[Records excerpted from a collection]
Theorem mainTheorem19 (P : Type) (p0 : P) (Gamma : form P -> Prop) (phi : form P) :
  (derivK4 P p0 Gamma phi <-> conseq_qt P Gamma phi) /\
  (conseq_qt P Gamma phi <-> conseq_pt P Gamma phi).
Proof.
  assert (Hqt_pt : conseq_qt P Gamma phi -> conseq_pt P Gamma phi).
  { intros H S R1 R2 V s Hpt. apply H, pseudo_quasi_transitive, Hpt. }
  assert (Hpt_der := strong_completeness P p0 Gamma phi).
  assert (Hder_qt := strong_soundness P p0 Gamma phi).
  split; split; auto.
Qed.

Instructions for the task => The response has to give back every record verbatim.

Answer =>
Theorem mainTheorem19 (P : Type) (p0 : P) (Gamma : form P -> Prop) (phi : form P) :
  (derivK4 P p0 Gamma phi <-> conseq_qt P Gamma phi) /\
  (conseq_qt P Gamma phi <-> conseq_pt P Gamma phi).
Proof.
  assert (Hqt_pt : conseq_qt P Gamma phi -> conseq_pt P Gamma phi).
  { intros H S R1 R2 V s Hpt. apply H, pseudo_quasi_transitive, Hpt. }
  assert (Hpt_der := strong_completeness P p0 Gamma phi).
  assert (Hder_qt := strong_soundness P p0 Gamma phi).
  split; split; auto.
Qed.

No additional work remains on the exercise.